We will return to St. Andrew’s square before heading back out on Princes Street to pay a visit to the solemn figure of sir Walter Scott.
Scott Monument

11) Scott Monument

The world famous Scottish Sir Walter Scott left a legacy of classic works of historical literature, poetry and plays behind him when he died in 1832. In Edinburgh soon after his death it was generally felt that some sort of monument should be erected in his memory, and a competition went underway to select a design for such a building.

Self taught architect George Miekle Kemp was worried that his lack of qualifications would count against him and submitted his drawings under pseudonym John Morvo. His design was chosen and the building of the monument began at the same time as sculptor John Steell was commissioned to design a sculpture of Sir Walter Scott out of white Carrera marble. The sculpture shows Scott with quill in his hand and his dog Maida by his side.

The tower itself is over 200ft (61m) tall, making it the largest monument to a writer anywhere in the world. It was built from sandstone from a nearby quarry which has shown over time to be softer and more vulnerable to the corrosion of air pollutants than other sandstone, leaving the tower soot black. Inside are 287 steps taking visitors to the top, and the different levels of the tower are decorated with 64 statuettes each representing a character from Scott’s novels.

When the last stone of the monument was laid in 1844 its architect George Miekle Kemp was missing. On the way home from the building project one night he had fallen in the Union canal and drowned.

The last stop on our tour is a bit of a climb, but the ascent to Carlton Hill is well worth the effort.
Image Courtesy of The Mallick Family.
Calton Hill

12) Calton Hill

The view of Edinburgh from Calton Hill is perhaps the most famous and most photographed of all. Here you can see the castle from where we started our tour, Old Town, Princes Street and many of the Georgian landmarks of New Town, but also further – to Arthur’s Seat, the extinct volcano south of here, the Firth of Forth, the stretch of water in the north, and the Fife coast on the other side.
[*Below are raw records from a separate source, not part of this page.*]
Lemma evaluation_in_RS (Q : {poly K}) k :
  (k < n1)%N -> Q`_0 = 0 -> (size Q <= k.+1)%N ->
  \row_(j < n1) Q.[alpha ^+ j] \in RS n1 alpha k.
Proof.
move=> hk hQ0 hQs; rewrite inE; under eq_bigr do rewrite mxE; rewrite RSgenE.
set rs := [seq _ | _ <- _].
have rs_roots : all (root (\sum_(j < n1) Q.[alpha ^+ j] *: 'X^j)) rs.
  apply/allP => z /mapP[l]; rewrite mem_iota add0n => /andP[_ hl] ->.
  exact: root_evaluation_poly hk _ _ _.
have uniq_rs : uniq_roots rs.
  rewrite uniq_rootsE map_inj_in_uniq ?iota_uniq // => i j.
  rewrite !mem_iota !add0n => hi hj /eqP.
  by rewrite (eq_prim_root_expr prim) !modn_small => [/eqP||]; lia.
by have [q ->] := uniq_roots_prod_XsubC rs_roots uniq_rs; rewrite dvdp_mull.
Qed.

Lemma prim_root_neq0 : alpha != 0.
Proof.
have := prim_expr_order prim; case: n1 (prim_order_gt0 prim) => // n _.
by apply: contra_eqN => /eqP->; rewrite expr0n eq_sym oner_eq0.
Qed.

(* Dual of the Reed--Solomon code has minimum distance [k + 1]: a support of
   size [<= k] would let [X * \prod_(j in supp d, j != j0) (X - alpha^j)]
   evaluate to a codeword of [RS k] not orthogonal to [d]. *)
Lemma RSdual_support k (d : 'rV[K]_n1) :
  (k < n1)%N -> d \in RSdual n1 alpha k -> d != 0 ->
  (k < wt d)%N.
Proof.
move=> hk hd dn0; rewrite /wt; set S := [set l | _]; rewrite ltnNge; apply/negP => hS.
have [j0 hj0] : exists j0, d 0 j0 != 0.
  apply/existsP; apply: contraNT dn0 => /existsPn d0.
  by apply/eqP/rowP => j; rewrite mxE; apply/eqP/negbNE/d0.
pose Q : {poly K} := 'X * \prod_(j <- enum (S :\ j0)) ('X - (alpha ^+ j)%:P).
have QRS : \row_(j < n1) Q.[alpha ^+ j] \in RS n1 alpha k.
  apply: evaluation_in_RS => //; first by rewrite coefXM.
  apply: leq_trans (size_polyMleq _ _) _.
  rewrite size_polyX size_prod_XsubC -cardE.
  by move: hS; rewrite (cardsD1 j0 S) inE hj0; lia.
move: hd; rewrite inE => /forallP/(_ _)/implyP/(_ QRS)/eqP.
rewrite (bigD1 j0) //= big1 ?addr0 => [|j hj]; last first.
  rewrite mxE; have [/eqP->|dj] := boolP (d 0 j == 0); first by rewrite mulr0.
  rewrite hornerM horner_prod (big_rem j) ?mem_enum ?inE ?hj ?dj //=.
  by rewrite hornerXsubC subrr mul0r mulr0 mul0r.
rewrite mxE => /eqP; rewrite mulf_eq0 (negbTE hj0) orbF; apply/negP.
rewrite hornerM hornerX mulf_neq0 ?expf_neq0 ?prim_root_neq0 // horner_prod.
rewrite prodf_seq_neq0; apply/allP => j; rewrite mem_enum !inE => /andP[hj _].
by rewrite hornerXsubC subr_eq0 (eq_prim_root_expr prim) !modn_small // eq_sym.
Qed.

End ReedSolomon.

Section SelfDualBasis.
Variables (K : finFieldType) (m : nat) (beta : 'I_m -> K).
Hypothesis charK : 2%N \in [pchar K].
Hypothesis sdb : self_dual_basis beta.

Lemma trKD (x y : K) : trK m (x + y) = trK m x + trK m y.
Proof.
rewrite /trK -big_split; apply: eq_bigr => t _; apply: exprDn_pchar.
by rewrite (eq_pnat _ (pcharf_eq charK)) pnatX pnat_id.
Qed.

Lemma trK0 : trK m (0 : K) = 0.
Proof. by rewrite /trK big1 // => t _; rewrite expr0n expn_eq0. Qed.

Lemma trK_sum (I : Type) (r : seq I) (f : I -> K) :
  trK m (\sum_(i <- r) f i) = \sum_(i <- r) trK m (f i).
Proof. by elim/big_rec2: _ => [|i a y _ <-]; rewrite ?trK0 ?trKD. Qed.

Lemma trK_binexp_coord (x : 'I_m -> bool) t :
  trK m ((\sum_(u < m) (nat_of_bool (x u))%:R * beta u) * beta t) = (nat_of_bool (x t))%:R.
Proof.
rewrite big_distrl trK_sum (bigD1 t) //= big1 ?addr0 => [|u ut].
  by case: (x t); rewrite ?mul1r ?mul0r ?sdb ?eqxx ?trK0.
by case: (x u); rewrite ?mul1r ?mul0r ?sdb ?(negbTE ut) ?trK0.
Qed.

Lemma binexp_eq0 (x : 'I_m -> bool) :
  \sum_(u < m) (nat_of_bool (x u))%:R * beta u = 0 -> forall t, x t = false.
Proof.
move=> x0 t; have := trK_binexp_coord x t; rewrite x0 mul0r trK0.
by case: (x t) => // /eqP; rewrite eq_sym oner_eq0.
Qed.

End SelfDualBasis.

Section Omega.
Variables (F : finFieldType) (om : F).
Hypothesis hom : om ^+ 2 = om + 1.

Lemma omega_neq0 : om != 0.
Proof. by apply: contra_eq_neq hom => ->; rewrite expr0n add0r eq_sym oner_eq0. Qed.

Lemma omega_comb_eq0 (x y : bool) :
  bF F x * om + bF F y * om ^+ 2 = 0 -> x = false /\ y = false.
Proof.
have om3 : om + om ^+ 2 = om ^+ 3.
  by rewrite [RHS]exprS [in RHS]hom mulrDr mulr1 -expr2 addrC.
case: x; case: y; rewrite /bF ?mul1r ?mul0r ?addr0 ?add0r ?om3 //= => /eqP;
  by rewrite ?expf_eq0 (negbTE omega_neq0) ?andbF.
Qed.

End Omega.

Definition block_support (F : finFieldType) n1 m (b : 'I_n1 -> 'I_m -> F) : {set 'I_n1} :=
  [set l | [exists t, b l t != 0]].

Section OuterCodes.
Variables (K F : finFieldType) (m n1 : nat) (alpha : K) (beta : 'I_m -> K) (om : F).

Lemma in_Bi0 k (b : 'I_n1 -> 'I_m -> F) :
  (forall l t, b l t = 0) -> in_Bi alpha beta om k b.
Proof.
move=> b0; have RS0 : in_binexp beta (RS n1 alpha k) (fun _ _ => false).
  exists 0; last by move=> l; rewrite mxE big1 // => t _; rewrite mul0r.
  by rewrite inE big1 ?dvdp0 // => j _; rewrite mxE scale0r.
by exists (fun _ _ => false), (fun _ _ => false); split=> // l t; rewrite b0 /bF !mul0r addr0.
Qed.

Lemma wt_binexp_le (c : 'rV[K]_n1) (z : 'I_n1 -> 'I_m -> bool) (S : {set 'I_n1}) :
  (forall l, c 0 l = \sum_(t < m) (nat_of_bool (z l t))%:R * beta t) ->
  (forall l t, z l t -> l \in S) -> (wt c <= #|S|)%N.
Proof.
move=> ec zS; apply/subset_leq_card/subsetP => l; rewrite inE ec.
apply: contraR => lS; apply/eqP/big1 => t _.
by case: (boolP (z l t)) => [/zS zl|_]; rewrite ?zl in lS; rewrite ?mul0r.
Qed.

Hypotheses (prim : n1.-primitive_root alpha) (charK : 2%N \in [pchar K]).
Hypotheses (sdb : self_dual_basis beta) (hom : om ^+ 2 = om + 1).

Lemma in_Biperp_support k (b : 'I_n1 -> 'I_m -> F) :
  (k < n1)%N -> in_Biperp alpha beta om k b -> (exists l t, b l t != 0) ->
  (k < #|block_support b|)%N.
Proof.
move=> hk [x [y [[cx cxD ex] [cy cyD ey] eb]]] [l0 [t0 nz]].
have supp z c : c \in RSdual n1 alpha k ->
    (forall l, c 0 l = \sum_(t < m) (nat_of_bool (z l t))%:R * beta t) ->
    z l0 t0 -> (forall l t, z l t -> b l t != 0) -> (k < #|block_support b|)%N.
  move=> cD ec zl0 zb; apply: leq_trans (RSdual_support prim hk cD _) _.
    apply: contraTneq zl0 => c0.
    by rewrite (binexp_eq0 charK sdb (x := z l0)) // -ec c0 mxE.
  by apply: wt_binexp_le ec _ => l t /zb bnz; rewrite inE; apply/existsP; exists t.
have [xl0|xl0] := boolP (x l0 t0).
  apply: supp cxD ex xl0 _ => l t xt; rewrite eb.
  by apply/eqP => /(omega_comb_eq0 hom)[xf _]; rewrite xf in xt.
have [yl0|yl0] := boolP (y l0 t0).
  apply: supp cyD ey yl0 _ => l t yt; rewrite eb.
  by apply/eqP => /(omega_comb_eq0 hom)[_ yf]; rewrite yf in yt.
by move: nz; rewrite eb (negbTE xl0) (negbTE yl0) /bF !mul0r addr0 eqxx.
Qed.

End OuterCodes.

Lemma chain_subset (T : finType) (C : nat -> {set T}) s :
  (forall j, (1 <= j < s)%N -> C j.+1 \subset C j) ->
  forall i j, (1 <= i <= j)%N -> (j <= s)%N -> C j \subset C i.
Proof.
move=> nest i; elim=> [|j IH] /andP[i1 ij] js; first by move: i1 ij; case: i.
have [->|ne] := eqVneq i j.+1; first exact: subxx.
apply: subset_trans (nest j _) (IH _ _); lia.
Qed.

Lemma sum_kronecker (R : pzSemiRingType) s m j (t0 : 'I_m) (f : nat -> 'I_m -> R) :
  (1 <= j <= s)%N ->
  \sum_(1 <= i < s.+1) \sum_(t < m) f i t * ((i == j) && (t == t0))%:R = f j t0.
Proof.
move=> hj; rewrite (bigD1_seq j) ?mem_index_iota ?iota_uniq //= [X in _ + X]big1 ?addr0.
  by rewrite (bigD1 t0) //= !eqxx mulr1 big1 ?addr0 // => t /negbTE->; rewrite andbF mulr0.
by move=> i /negbTE ij; rewrite big1 // => t _; rewrite ij mulr0.
Qed.

Section InnerCodes.
Variables (F : finFieldType) (s m n2 : nat).
Variables (g h : nat -> 'I_m -> 'rV[F]_n2).

Lemma ghcomb_delta j t0 (x y : bool) : (1 <= j)%N ->
  ghcomb g h j (fun i t => [&& x, i == j & t == t0]) (fun i t => [&& y, i == j & t == t0])
  = bF F x *: g j t0 + bF F y *: h j t0.
Proof.
move=> j1; rewrite /ghcomb big_nat_recr //= big1_seq ?add0r => [|i].
  rewrite (bigD1 t0) //= !eqxx !andbT big1 ?addr0 // => t /negbTE tt0.
  by rewrite tt0 !andbF /bF !scale0r addr0.
rewrite mem_index_iota => /andP[_ /andP[_ ij]]; rewrite big1 // => t _.
by rewrite (ltn_eqF ij) !andbF /bF !scale0r addr0.
Qed.

Lemma ghcomb_trunc j a b : (j <= s)%N ->
  (forall i t, (j < i <= s)%N -> a i t = false /\ b i t = false) ->
  ghcomb g h s a b = ghcomb g h j a b.
Proof.
move=> js ab0; rewrite /ghcomb (big_cat_nat _ (n := j.+1)) //= ?ltnS //.
rewrite [X in _ + X]big1_seq ?addr0 // => i; rewrite mem_index_iota => /andP[_ ji].
by rewrite big1 // => t _; have [-> ->] := ab0 i t ji; rewrite /bF !scale0r addr0.
Qed.

Hypothesis charF : 2%N \in [pchar F].
Hypothesis hgh : forall i t i' t', (1 <= i <= s)%N -> (1 <= i' <= s)%N ->
  tip (g i t) (h i' t') = ((i == i') && (t == t'))%:R.
Hypothesis hgg : forall i t i' t', (1 <= i <= s)%N -> (1 <= i' <= s)%N ->
  tip (g i t) (g i' t') = 0.
Hypothesis hhh : forall i t i' t', (1 <= i <= s)%N -> (1 <= i' <= s)%N ->
  tip (h i t) (h i' t') = 0.

Lemma tip_ghcomb a b z :
  tip (ghcomb g h s a b) z = \sum_(1 <= i < s.+1) \sum_(t < m)
     (bF F (a i t) * tip (g i t) z + bF F (b i t) * tip (h i t) z).
Proof.
rewrite tip_suml //; apply: eq_bigr => i _.
by rewrite tip_suml //; apply: eq_bigr => t _; rewrite tipDl // !tipZl.
Qed.

Lemma tip_ghcomb_g a b j t0 : (1 <= j <= s)%N ->
  tip (ghcomb g h s a b) (g j t0) = bF F (b j t0).
Proof.
move=> hj; rewrite tip_ghcomb -(sum_kronecker t0 (fun i t => bF F (b i t)) hj).
apply: eq_big_seq => i; rewrite mem_index_iota ltnS => hi; apply: eq_bigr => t _.
by rewrite hgg // mulr0 add0r tipC // hgh // [j == i]eq_sym [t0 == t]eq_sym.
Qed.

Lemma tip_ghcomb_h a b j t0 : (1 <= j <= s)%N ->
  tip (ghcomb g h s a b) (h j t0) = bF F (a j t0).
Proof.
move=> hj; rewrite tip_ghcomb -(sum_kronecker t0 (fun i t => bF F (a i t)) hj).
apply: eq_big_seq => i; rewrite mem_index_iota ltnS => hi; apply: eq_bigr => t _.
by rewrite hgh // hhh // mulr0 addr0.
Qed.

End InnerCodes.

Section InnerCosets.
Variables (F : finFieldType) (om : F) (s m n2 : nat).
Variables (C : nat -> {set 'rV[F]_n2}) (g h : nat -> 'I_m -> 'rV[F]_n2).
Hypotheses (charF : 2%N \in [pchar F]) (hom : om ^+ 2 = om + 1).
Hypothesis hCadd : forall j, (1 <= j <= s)%N -> additive_code (C j).
Hypothesis hCnest : forall j, (1 <= j < s)%N -> C j.+1 \subset C j.
Hypothesis hgC : forall i t, (1 <= i <= s)%N -> g i t \in tdual (C s).
Hypothesis hhC : forall i t, (1 <= i <= s)%N -> h i t \in tdual (C s).
Hypothesis hgh : forall i t i' t', (1 <= i <= s)%N -> (1 <= i' <= s)%N ->
  tip (g i t) (h i' t') = ((i == i') && (t == t'))%:R.
Hypothesis hgg : forall i t i' t', (1 <= i <= s)%N -> (1 <= i' <= s)%N ->
  tip (g i t) (g i' t') = 0.
Hypothesis hhh : forall i t i' t', (1 <= i <= s)%N -> (1 <= i' <= s)%N ->
  tip (h i t) (h i' t') = 0.
Hypothesis hspan : forall j, (1 <= j <= s)%N -> forall v,
  v \in tdual (C j) <->
  exists c, exists a b : nat -> 'I_m -> bool, c \in C j /\ v = c + ghcomb g h j a b.

Lemma gh_in_tdual j t0 : (1 <= j <= s)%N ->
  g j t0 \in tdual (C j) /\ h j t0 \in tdual (C j).
Proof.
move=> hj; have [C0 _] := hCadd hj; have j1 := (andP hj).1.
split; apply/(hspan hj); exists 0.
  exists (fun i t => [&& true, i == j & t == t0]), (fun i t => [&& false, i == j & t == t0]).
  by rewrite add0r ghcomb_delta // /bF scale1r scale0r addr0.
exists (fun i t => [&& false, i == j & t == t0]), (fun i t => [&& true, i == j & t == t0]).
by rewrite add0r ghcomb_delta // /bF scale1r scale0r add0r.
Qed.

Lemma tip_rho_coset w a b z :
  w - ghcomb g h s a b \in C s -> z \in tdual (C s) -> tip w z = tip (ghcomb g h s a b) z.
Proof.
move=> hw hz; rewrite -[in LHS](subrK (ghcomb g h s a b) w) tipDl //.
by rewrite (tip_tdual hz hw) add0r.
Qed.

(* Pairing with [g_j] and [h_j] reads off the [j]-th coordinate of [c]. *)
Lemma rho_notin_code c w j t0 : (1 <= j <= s)%N ->
  in_rho om s (C s) g h c w -> c j t0 != 0 -> w \notin C j.
Proof.
move=> hj [a [b [ec hw]]]; apply: contra => wC.
have [gD hD] := gh_in_tdual t0 hj.
have b0 : bF F (b j t0) = 0.
  rewrite -(tip_ghcomb_g charF hgh hgg a b t0 hj) -(tip_rho_coset hw (hgC _ hj)).
  exact: tip_tdual gD wC.
have a0 : bF F (a j t0) = 0.
  rewrite -(tip_ghcomb_h charF hgh hhh a b t0 hj) -(tip_rho_coset hw (hhC _ hj)).
  exact: tip_tdual hD wC.
by rewrite ec // a0 b0 !mul0r addr0.
Qed.

Lemma rho_in_tdual c w j : (1 <= j <= s)%N ->
  (forall i t, (j < i <= s)%N -> c i t = 0) ->
  in_rho om s (C s) g h c w -> w \in tdual (C j).
Proof.
move=> hj ctop [a [b [ec hw]]]; apply/(hspan hj).
exists (w - ghcomb g h s a b), a, b; split.
  exact: subsetP (chain_subset hCnest hj (leqnn s)) _ hw.
rewrite (ghcomb_trunc g h (j := j)) ?subrK //; first by case/andP: hj.
move=> i t /andP[ji i_s]; apply: (omega_comb_eq0 hom).
by rewrite -ec ?ctop ?ji // i_s (leq_ltn_trans (leq0n j) ji).
Qed.

End InnerCosets.

Lemma minj_le (R : realFieldType) s (f : nat -> R) j : (1 <= j <= s)%N -> minj s f <= f j.
Proof.
move=> hj; have : j \in index_iota 1 s.+1 by rewrite mem_index_iota ltnS.
rewrite /minj; elim: (index_iota 1 s.+1) => //= i r IH.
by rewrite inE big_cons ge_min => /orP[/eqP->|/IH->]; rewrite ?lexx ?orbT.
Qed.

Lemma exists_top_index (P : pred nat) s :
  (exists2 i, (1 <= i <= s)%N & P i) ->
  exists j, [/\ (1 <= j <= s)%N, P j & forall i, (j < i <= s)%N -> ~~ P i].
Proof.
move=> [i0 hi0 Pi0].
have exQ : exists i, ((1 <= i <= s)%N && P i) by exists i0; rewrite hi0.
have ubQ i : (1 <= i <= s)%N && P i -> (i <= s)%N by case/andP => /andP[].
case: (ex_maxnP exQ ubQ) => j /andP[hj Pj] jmax; exists j; split=> // i /andP[ji i_s].
have i1 : (1 <= i)%N by move: hj ji; lia.
by apply: contraL ji => Pi; rewrite -leqNgt jmax // Pi i1 i_s.
Qed.

Lemma card_mul_le_sum (R : numDomainType) (I : finType) (A : {set I}) (f : I -> R) x :
  (forall i, 0 <= f i) -> (forall i, i \in A -> x <= f i) ->
  #|A|%:R * x <= \sum_i f i.
Proof.
move=> f_ge0 Af; rewrite (bigID (mem A)) /= -[leLHS]addr0 lerD ?sumr_ge0 //.
by rewrite mulr_natl -sumr_const ler_sum.
Qed.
Over the centuries the hill has been home to the notorious Calton hill prison, a leper colony, an amphitheatre and a public execution spot, amongst other things. These days most notably there are a range of monuments most of them dating from the early 19th century.

The tallest tower on the hill is Nelson’s monument, built as a replica to Nelson’s telescope and here is also the 1818 City Observatory - an astronomical observatory intended to take accurate measurements of time.

The odd folly that dominates the hill is the National Monument, or as it is also known: Edinburgh’s Disgrace. The monument was designed by the same William Henry Playfair who designed the National Gallery and the Royal Scottish Academy, hugely influenced by his trip to Athens. It was built to commemorate those fallen in the Napoleonic wars, with catacombs for prominent figures beneath it, but with costs escalating and lack of enthusiasm for the project, the building work stopped in 1829. By now it has in its existing, incomplete form become an Edinburgh landmark.

The achievement of New Town is one of its kind – with extraordinary enthusiasm, vision and aesthetic thousands of townhouses was built here, in one century expanding the city to many times its original size and making it an international architectural landmark. But there are also other reasons why the 1700s was an exceptional time for Edinburgh. Some of the greatest intellects of the time exchanged ideas here: the great architects who built New Town, the philosopher David Hume, Sir Walter Scott, economist Adam Smith and poet Robert Burns to name just a few. Edinburgh’s New Town is therefore a great testament to the men who built it, but also to the enormously influential minds who lived here at a remarkable point in time.